Go through the entries and copy every line that has the string "forall" in it.

[Excerpts from a dataset]
# # # # #
Lemma first_brocard_point_eq (F A B C0 : C) : nondegenerate A B C0 ->
  first_brocard_point F A B C0 -> F = first_brocard A B C0.
Proof.
  intros Hnd [[u [v [w [Hu [Hv [Hw [Hs HF]]]]]]] [E1 E2]].
  pose proof (nondegenerate_side_norm2_pos _ _ _ Hnd) as [Ha [Hb Hc]].
  unfold nondegenerate in Hnd. set (S := cross (B - A)%C (C0 - A)%C) in *.
  destruct (cross_in_triangle A B C0 u v w Hs) as [X1 [X2 X3]]. rewrite <- HF in X1, X2, X3.
  assert (nz : forall a, 0 < a -> - a * S <> 0)
    by (intros; apply Rmult_integral_contrapositive; split; lra).
  assert (N : forall P Q Z, cross (P - Q)%C (Z - Q)%C <> 0 ->
              0 < Cmod (P - Q)%C /\ 0 < Cmod (Z - Q)%C).
  { intros P Q Z H. split; [apply (Cmod_pos_of_cross _ _ H)|].
    apply (Cmod_pos_of_cross _ (P - Q)%C). rewrite cross_swap. lra. }
  destruct (N F A B) as [N1 N2]; [rewrite X1; auto|].
  destruct (N F B C0) as [N3 N4]; [rewrite X2; auto|].
  destruct (N F C0 A) as [N5 N6]; [rewrite X3; auto|].
  (* Equal Brocard angles have equal cotangents dot / |cross|, and |cross| is w|S|, u|S|, v|S|. *)
  pose proof (angle_at_eq_dot_cross A F B B F C0 N1 N2 N3 N4 E1) as R1.
  pose proof (angle_at_eq_dot_cross B F C0 C0 F A N3 N4 N5 N6 E2) as R2.
  rewrite X1, X2 in R1. rewrite X2, X3 in R2.
  assert (Ru : Rabs u = u) by (apply Rabs_right; lra).
  assert (Rv : Rabs v = v) by (apply Rabs_right; lra).
  assert (Rw : Rabs w = w) by (apply Rabs_right; lra).
  rewrite !Rabs_mult, !Rabs_Ropp, Ru, Rw in R1. rewrite !Rabs_mult, !Rabs_Ropp, Ru, Rv in R2.
  fold S in R1, R2.
  assert (HS : 0 < Rabs S) by (apply Rabs_pos_lt; auto).
  set (la := norm2 (B - C0)%C) in *. set (lb := norm2 (C0 - A)%C) in *.
  set (lc := norm2 (A - B)%C) in *.
  destruct (brocard_dot_relations (dot (F - A)%C (B - A)%C) (dot (F - B)%C (C0 - B)%C)
              (dot (F - C0)%C (A - C0)%C) u v w ((la + lb + lc) / 2)) as [D1 D2]; auto.
  - unfold la, lb, lc. destruct A, B, C0, F. unfold_coords. field.
  - apply (Rmult_eq_reg_r (Rabs S)); lra.
  - apply (Rmult_eq_reg_r (Rabs S)); lra.
  - rewrite HF. apply bary_of_weight_ratios; auto.
    + change (w * la = u * lb).
      enough (I : w * la - u * lb = dot (F - B)%C (C0 - B)%C - u * ((la + lb + lc) / 2)) by lra.
      rewrite HF. unfold la, lb, lc. replace v with (1 - u - w) by lra.
      destruct A, B, C0. unfold_coords. field.
    + change (v * lc = w * la).
      enough (I : v * lc - w * la = dot (F - A)%C (B - A)%C - w * ((la + lb + lc) / 2)) by lra.
      rewrite HF. unfold la, lb, lc. replace u with (1 - v - w) by lra.
      destruct A, B, C0. unfold_coords. field.
Qed.

Lemma second_brocard_point_eq (F A B C0 : C) : nondegenerate A B C0 ->
  second_brocard_point F A B C0 -> F = first_brocard A C0 B.
Proof.
  intros Hnd [[u [v [w [Hu [Hv [Hw [Hs HF]]]]]]] [E1 E2]].
  apply first_brocard_point_eq.
  - unfold nondegenerate in *. rewrite cross_swap. lra.
  - split; [|split; congruence].
    exists u, w, v. repeat split; try lra. subst F. destruct A, B, C0. unfold_coords. f_equal; ring.
Qed.

Definition circumcenter (A B C0 : C) : C :=
  let S := cross (B - A)%C (C0 - A)%C in
  ((norm2 A * (snd B - snd C0) + norm2 B * (snd C0 - snd A) + norm2 C0 * (snd A - snd B))
     / (2 * S),
   (norm2 A * (fst C0 - fst B) + norm2 B * (fst A - fst C0) + norm2 C0 * (fst B - fst A))
     / (2 * S)).

Lemma circumcenter_eq (A B C0 O : C) : nondegenerate A B C0 ->
  norm2 (B - O)%C = norm2 (A - O)%C -> norm2 (C0 - O)%C = norm2 (A - O)%C ->
  O = circumcenter A B C0.
Proof.
  unfold nondegenerate, circumcenter.
  destruct A as [a1 a2], B as [b1 b2], C0 as [c1 c2], O as [x y]. unfold_coords.
  set (S := (b1 + - a1) * (c2 + - a2) - (b2 + - a2) * (c1 + - a1)).
  intros HS E1 E2. f_equal.
  - apply (Rmult_eq_reg_r (2 * S)); [|lra].
    unfold Rdiv. rewrite Rmult_assoc, Rinv_l, Rmult_1_r by lra.
    enough (I : x * (2 * S) - ((a1 ^ 2 + a2 ^ 2) * (b2 - c2) + (b1 ^ 2 + b2 ^ 2) * (c2 - a2)
                              + (c1 ^ 2 + c2 ^ 2) * (a2 - b2))
      = (b2 - a2) * ((c1 + - x) ^ 2 + (c2 + - y) ^ 2 - ((a1 + - x) ^ 2 + (a2 + - y) ^ 2))
        - (c2 - a2) * ((b1 + - x) ^ 2 + (b2 + - y) ^ 2 - ((a1 + - x) ^ 2 + (a2 + - y) ^ 2)))
      by (rewrite E1, E2 in I; lra).
    unfold S. ring.
  - apply (Rmult_eq_reg_r (2 * S)); [|lra].
    unfold Rdiv. rewrite Rmult_assoc, Rinv_l, Rmult_1_r by lra.
    enough (I : y * (2 * S) - ((a1 ^ 2 + a2 ^ 2) * (c1 - b1) + (b1 ^ 2 + b2 ^ 2) * (a1 - c1)
                              + (c1 ^ 2 + c2 ^ 2) * (b1 - a1))
      = (c1 - a1) * ((b1 + - x) ^ 2 + (b2 + - y) ^ 2 - ((a1 + - x) ^ 2 + (a2 + - y) ^ 2))
        - (b1 - a1) * ((c1 + - x) ^ 2 + (c2 + - y) ^ 2 - ((a1 + - x) ^ 2 + (a2 + - y) ^ 2)))
      by (rewrite E1, E2 in I; lra).
    unfold S. ring.
Qed.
# # # # #
:: Answer for this exercise ::
  assert (nz : forall a, 0 < a -> - a * S <> 0)
  assert (N : forall P Q Z, cross (P - Q)%C (Z - Q)%C <> 0 ->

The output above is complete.